_Source material_
============================================================

(* Let $n\ge5$, $\Delta\subset B_n$ a proper ideal, and $1<k\le\lfloor\frac{n-1}2\rfloor$. Then $\mathrm{Bier}(B_n,\Delta)$ is a $k$-nearly neighborly $(n-2)$-sphere with $2n$ vertices if and only if (i) for all $A\subseteq[1,n]$, $A\in\Delta\iff[1,n]\setminus A\notin\Delta$, and (ii) every $B\subseteq[1,n]$ with $|B|\le k$ lies in $\Delta$ (and hence no $C\subseteq[1,n]$ with $|C|\ge n-k$ lies in $\Delta$).
   Context: $B_n$ is the Boolean lattice of subsets of $[1,n]$. A proper ideal $\Delta\subset B_n$ is a nonempty family of subsets of $[1,n]$ closed under taking subsets with $[1,n]\notin\Delta$. The Bier sphere $\mathrm{Bier}(B_n,\Delta)$ is the simplicial complex whose faces are the pairs $(B,C)$ with $B\subsetneq C\subseteq[1,n]$, $B\in\Delta$, $C\notin\Delta$, with $(B',C')$ a face of $(B,C)$ iff $B'\subseteq B$ and $C\subseteq C'$ (concretely the vertex set $B\sqcup\{\bar d: d\notin C\}$ on $[1,n]\sqcup\{\bar1,\dots,\bar n\}$); it is a simplicial $(n-2)$-sphere. A simplicial complex $\Gamma$ with vertex set $V$ is centrally symmetric if there is a fixed-point-free involution $\alpha$ of $V$ with $\alpha(F)$ a face for every face $F$ and $\{v,\alpha(v)\}$ not a face for all $v$. A centrally symmetric $\Gamma$ is $k$-nearly neighborly if every antipode-free vertex set (containing no pair $\{v,\alpha(v)\}$) of size at most $k$ is a face; for $k\ge2$ the involution is determined as the unique one with $\{v,\alpha(v)\}\notin\Gamma$. *)

From mathcomp Require Import all_boot.
Set Implicit Arguments. Unset Strict Implicit. Unset Printing Implicit Defensive.

(* Elements of [1,n] are modelled by 'I_n.  The Boolean lattice B_n is {set 'I_n}. *)

Definition proper_ideal (n : nat) (Delta : {set {set 'I_n}}) : Prop :=
  [/\ Delta != set0,
      (forall A B : {set 'I_n}, B \subset A -> A \in Delta -> B \in Delta)
    & [set: 'I_n] \notin Delta].

(* Vertices of the Bier sphere: inl i stands for i, inr i stands for \bar i. *)
Definition bier_vertex (n : nat) : finType := ('I_n + 'I_n)%type.

Definition bier_face_of (n : nat) (B C : {set 'I_n}) : {set bier_vertex n} :=
  (inl @: B) :|: (inr @: (~: C)).

Definition bier_face (n : nat) (Delta : {set {set 'I_n}})
    (F : {set bier_vertex n}) : bool :=
  [exists B : {set 'I_n}, exists C : {set 'I_n},
    [&& B \proper C, B \in Delta, C \notin Delta & F == bier_face_of B C]].

Definition vertices (T : finType) (face : {set T} -> bool) : {set T} :=
  [set v : T | face [set v]].

Definition cs_involution (T : finType) (face : {set T} -> bool) (alpha : T -> T)
    : Prop :=
  let V := vertices face in
  [/\ (forall v, v \in V -> alpha v \in V),
      (forall v, v \in V -> alpha (alpha v) = v),
      (forall v, v \in V -> alpha v != v),
      (forall F, face F -> face (alpha @: F))
    & (forall v, v \in V -> ~ face [set v; alpha v])].

Definition centrally_symmetric (T : finType) (face : {set T} -> bool) : Prop :=
  exists alpha : T -> T, cs_involution face alpha.

Definition nearly_neighborly (T : finType) (face : {set T} -> bool) (k : nat)
    : Prop :=
  exists alpha : T -> T,
    cs_involution face alpha /\
    (forall S : {set T}, S \subset vertices face ->
       (forall v, v \in S -> alpha v \notin S) ->
       #|S| <= k -> face S).

From mathcomp Require Import all_boot.
Set Implicit Arguments. Unset Strict Implicit. Unset Printing Implicit Defensive.

(* A face (B, C) is read back from its vertex set F as B = {i | i \in F} and
   C = {d | \bar d \notin F}; in these terms the swap i <-> \bar i sends (B, C)
   to the complementary pair (~: C, ~: B).  Hence the swap preserves faces
   exactly when A \in Delta <-> ~: A \notin Delta.  If all sets of size <= k
   lie in Delta, an antipode-free S with |S| <= k gives B = S \cap [1,n] \in
   Delta and ~: C = {d | \bar d \in S} \in Delta, so C \notin Delta and S is a
   face.  Conversely, in a k-nearly neighborly Bier sphere with k >= 2 on all
   2n vertices, the involution must be the swap, because {i, \bar i} is never a
   face; neighborliness on {i | i \in B} then puts every small B into Delta. *)

Lemma leq_card_preimset (aT rT : finType) (f : aT -> rT) (S : {set rT}) :
  injective f -> #|f @^-1: S| <= #|S|.
Proof.
move=> f_inj; rewrite -(card_imset _ f_inj); apply: subset_leq_card.
by apply/subsetP => _ /imsetP [x + ->]; rewrite inE.
Qed.

Lemma card_bier_vertex n : #|bier_vertex n| = 2 * n.
Proof. by rewrite card_sum !card_ord addnn mul2n. Qed.

Section BierFaces.

Variable n : nat.
Implicit Types (A B C : {set 'I_n}) (F S : {set bier_vertex n})
  (Delta : {set {set 'I_n}}).

Definition bierB F : {set 'I_n} := inl @^-1: F.
Definition bierC F : {set 'I_n} := ~: (inr @^-1: F).

Lemma mem_bier_face_of B C v :
  (v \in bier_face_of B C) =
  match v with inl i => i \in B | inr i => i \notin C end.
Proof.
case: v => i; rewrite inE (mem_imset _ _ inl_inj, mem_imset _ _ inr_inj) ?inE.
  have -> : (inl i \in inr @: ~: C) = false by apply/imsetP => -[].
  by rewrite orbF.
by have -> : (inr i \in inl @: B) = false by apply/imsetP => -[].
Qed.

Lemma bierB_face_of B C : bierB (bier_face_of B C) = B.
Proof. by apply/setP => i; rewrite inE mem_bier_face_of. Qed.

Lemma bierC_face_of B C : bierC (bier_face_of B C) = C.
Proof. by apply/setP => i; rewrite in_setC inE mem_bier_face_of negbK. Qed.

Lemma bier_face_ofK F : bier_face_of (bierB F) (bierC F) = F.
Proof. by apply/setP => -[i|i]; rewrite mem_bier_face_of !inE ?negbK. Qed.

Lemma bierB_inl B : bierB (inl @: B) = B.
Proof. by apply/setP => i; rewrite inE (mem_imset _ _ inl_inj). Qed.

Lemma bier_faceE Delta F :
  bier_face Delta F =
  [&& bierB F \proper bierC F, bierB F \in Delta & bierC F \notin Delta].
Proof.
apply/existsP/idP => [[B /existsP [C /and4P [BC B_in C_nin /eqP ->]]]|].
  by rewrite bierB_face_of bierC_face_of BC B_in C_nin.
move=> F_face; exists (bierB F); apply/existsP; exists (bierC F).
by rewrite bier_face_ofK eqxx andbT.
Qed.

Lemma bier_antipodal_nonface Delta i : ~~ bier_face Delta [set inl i; inr i].
Proof.
rewrite bier_faceE; apply/negP => /and3P [/proper_sub /subsetP BC _ _].
by have := BC i; rewrite !inE !eqxx orbT => /(_ isT).
Qed.

Definition bier_swap (v : bier_vertex n) : bier_vertex n :=
  match v with inl i => inr i | inr i => inl i end.

Lemma bier_swapK : involutive bier_swap. Proof. by case. Qed.

Lemma bierB_swap F : bierB (bier_swap @: F) = ~: bierC F.
Proof.
by apply/setP => i; rewrite (can_imset_pre _ bier_swapK) !inE negbK.
Qed.

Lemma bierC_swap F : bierC (bier_swap @: F) = ~: bierB F.
Proof. by apply/setP => i; rewrite (can_imset_pre _ bier_swapK) !inE. Qed.

End BierFaces.

Arguments bier_swap {n}.

Section BierSphere.

Variables (n : nat) (Delta : {set {set 'I_n}}).
Implicit Types (F S : {set bier_vertex n}).
Local Notation face := (bier_face Delta).

Definition self_dual :=
  forall A : {set 'I_n}, (~: A \in Delta) = (A \notin Delta).

Lemma self_dualP :
  self_dual <-> forall A : {set 'I_n}, A \in Delta <-> ~: A \notin Delta.
Proof.
split=> [sdD A | sdD A]; first by rewrite sdD negbK.
by apply/idP/idP => A_in; [move/sdD: A_in | apply/sdD]; rewrite setCK.
Qed.

Lemma bier_face_swap F : self_dual -> face F -> face (bier_swap @: F).
Proof.
move=> sdD; rewrite !bier_faceE bierB_swap bierC_swap properC !sdD negbK.
by case/and3P => -> -> ->.
Qed.

Lemma self_dual_bier_swap :
  set0 \in Delta -> [set: 'I_n] \notin Delta ->
  (forall F, face F -> face (bier_swap @: F)) -> self_dual.
Proof.
move=> Delta0 DeltaT swap_face A; apply/idP/idP => [CA_in | A_nin].
  have CA_ne : ~: A != setT by apply: contraNneq DeltaT => <-.
  have := swap_face (bier_face_of (~: A) setT).
  rewrite !bier_faceE bierC_swap bierB_face_of bierC_face_of setCK.
  by rewrite properT CA_ne CA_in DeltaT => /(_ isT) /and3P [].
have A_ne : A != set0 by apply: contraNneq A_nin => ->.
have := swap_face (bier_face_of set0 A).
rewrite !bier_faceE bierB_swap bierB_face_of bierC_face_of.
by rewrite proper0 A_ne Delta0 A_nin => /(_ isT) /and3P [].
Qed.

Lemma small_antipode_free_bier_face k S :
  self_dual -> (forall B : {set 'I_n}, #|B| <= k -> B \in Delta) ->
  (forall i, inl i \in S -> inr i \notin S) -> #|S| <= k -> face S.
Proof.
move=> sdD small_in S_free S_le.
have B_in : bierB S \in Delta.
  by apply/small_in/(leq_trans (leq_card_preimset _ inl_inj)).
have C_nin : bierC S \notin Delta.
  rewrite /bierC sdD negbK.
  by apply/small_in/(leq_trans (leq_card_preimset _ inr_inj)).
rewrite bier_faceE B_in C_nin properEneq !andbT.
apply/andP; split; first by apply: contraNneq C_nin => <-.
by apply/subsetP => i; rewrite !inE => /S_free.
Qed.

Lemma cs_involution_bier_swap :
  self_dual -> vertices face = setT -> cs_involution face bier_swap.
Proof.
move=> sdD VT; rewrite /cs_involution VT; split.
- by move=> v _; rewrite in_setT.
- by move=> v _; rewrite bier_swapK.
- by case.
- by move=> F; apply: bier_face_swap.
- case=> i _; apply/negP; last rewrite setUC; exact: bier_antipodal_nonface.
Qed.

Lemma bier_neighborly_involutionE k alpha :
  1 < k -> vertices face = setT -> cs_involution face alpha ->
  (forall S, S \subset vertices face ->
     (forall v, v \in S -> alpha v \notin S) -> #|S| <= k -> face S) ->
  alpha =1 bier_swap.
Proof.
rewrite /cs_involution => k_gt1 VT; rewrite VT => -[_ alphaK alpha_neq _ _] nb.
have {}alphaK v : alpha (alpha v) = v by rewrite alphaK ?in_setT.
have {}alpha_neq v : alpha v != v by rewrite alpha_neq ?in_setT.
suff alpha_inl i : alpha (inl i) = inr i.
  by case=> i /=; rewrite ?alpha_inl // -alpha_inl alphaK.
apply/eqP; apply: contraR (bier_antipodal_nonface Delta i) => alpha_ne.
apply: nb; first exact: subsetT.
  move=> v; rewrite !inE => /orP [] /eqP ->.
    by rewrite negb_or alpha_neq.
  rewrite negb_or alpha_neq andbT.
  by apply: contra alpha_ne => /eqP <-; rewrite alphaK.
by rewrite cards2 (leq_trans _ k_gt1) // ltnS leq_b1.
Qed.

End BierSphere.

Theorem proposition16 (n : nat) (Delta : {set {set 'I_n}}) (k : nat) :
  5 <= n -> proper_ideal Delta -> 1 < k -> k <= (n.-1)./2 ->
  ((#|vertices (bier_face Delta)| = 2 * n /\
    nearly_neighborly (bier_face Delta) k)
   <->
   ((forall A : {set 'I_n}, (A \in Delta) <-> (~: A \notin Delta)) /\
    (forall B : {set 'I_n}, #|B| <= k -> B \in Delta))).
Proof.
move=> _ [/set0Pn [A0 A0_in] Delta_down DeltaT] k_gt1 _.
have Delta0 : set0 \in Delta by apply: Delta_down A0_in; apply: sub0set.
split=> [[cardV [alpha [cs_alpha nb]]] | [/self_dualP sdD small_in]].
- have VT : vertices (bier_face Delta) = setT.
    by apply/eqP; rewrite eqEcard subsetT cardsT card_bier_vertex cardV leqnn.
  have alphaE := bier_neighborly_involutionE k_gt1 VT cs_alpha nb.
  have [_ _ _ alpha_face _] := cs_alpha.
  split=> [|B B_le].
    apply/self_dualP; apply: self_dual_bier_swap => // F /alpha_face.
    by rewrite (eq_imset _ alphaE).
  have : bier_face Delta (inl @: B).
    apply: nb; first by rewrite VT subsetT.
      by move=> _ /imsetP [i _ ->]; rewrite alphaE; apply/imsetP => -[].
    exact/(leq_trans _ B_le)/eq_leq/card_imset/inl_inj.
  by rewrite bier_faceE bierB_inl => /and3P [].
- have small_face := small_antipode_free_bier_face sdD small_in.
  have VT : vertices (bier_face Delta) = setT.
    apply/setP => v; rewrite !inE; apply: small_face.
      by move=> i; rewrite !inE => /eqP <-.
    by rewrite cards1 ltnW.
  split; first by rewrite VT cardsT card_bier_vertex.
  exists bier_swap; split; first exact: cs_involution_bier_swap.
  by move=> S _ S_free; apply: small_face => i /S_free.
Qed.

============================================================

_Work task_
Set down precisely the lines above between the line holding "rewrite /cs_involution =>" and the line holding "by case=> i", inclusive, and nothing beyond them.

_Completed task_
rewrite /cs_involution => k_gt1 VT; rewrite VT => -[_ alphaK alpha_neq _ _] nb.
have {}alphaK v : alpha (alpha v) = v by rewrite alphaK ?in_setT.
have {}alpha_neq v : alpha v != v by rewrite alpha_neq ?in_setT.
suff alpha_inl i : alpha (inl i) = inr i.
  by case=> i /=; rewrite ?alpha_inl // -alpha_inl alphaK.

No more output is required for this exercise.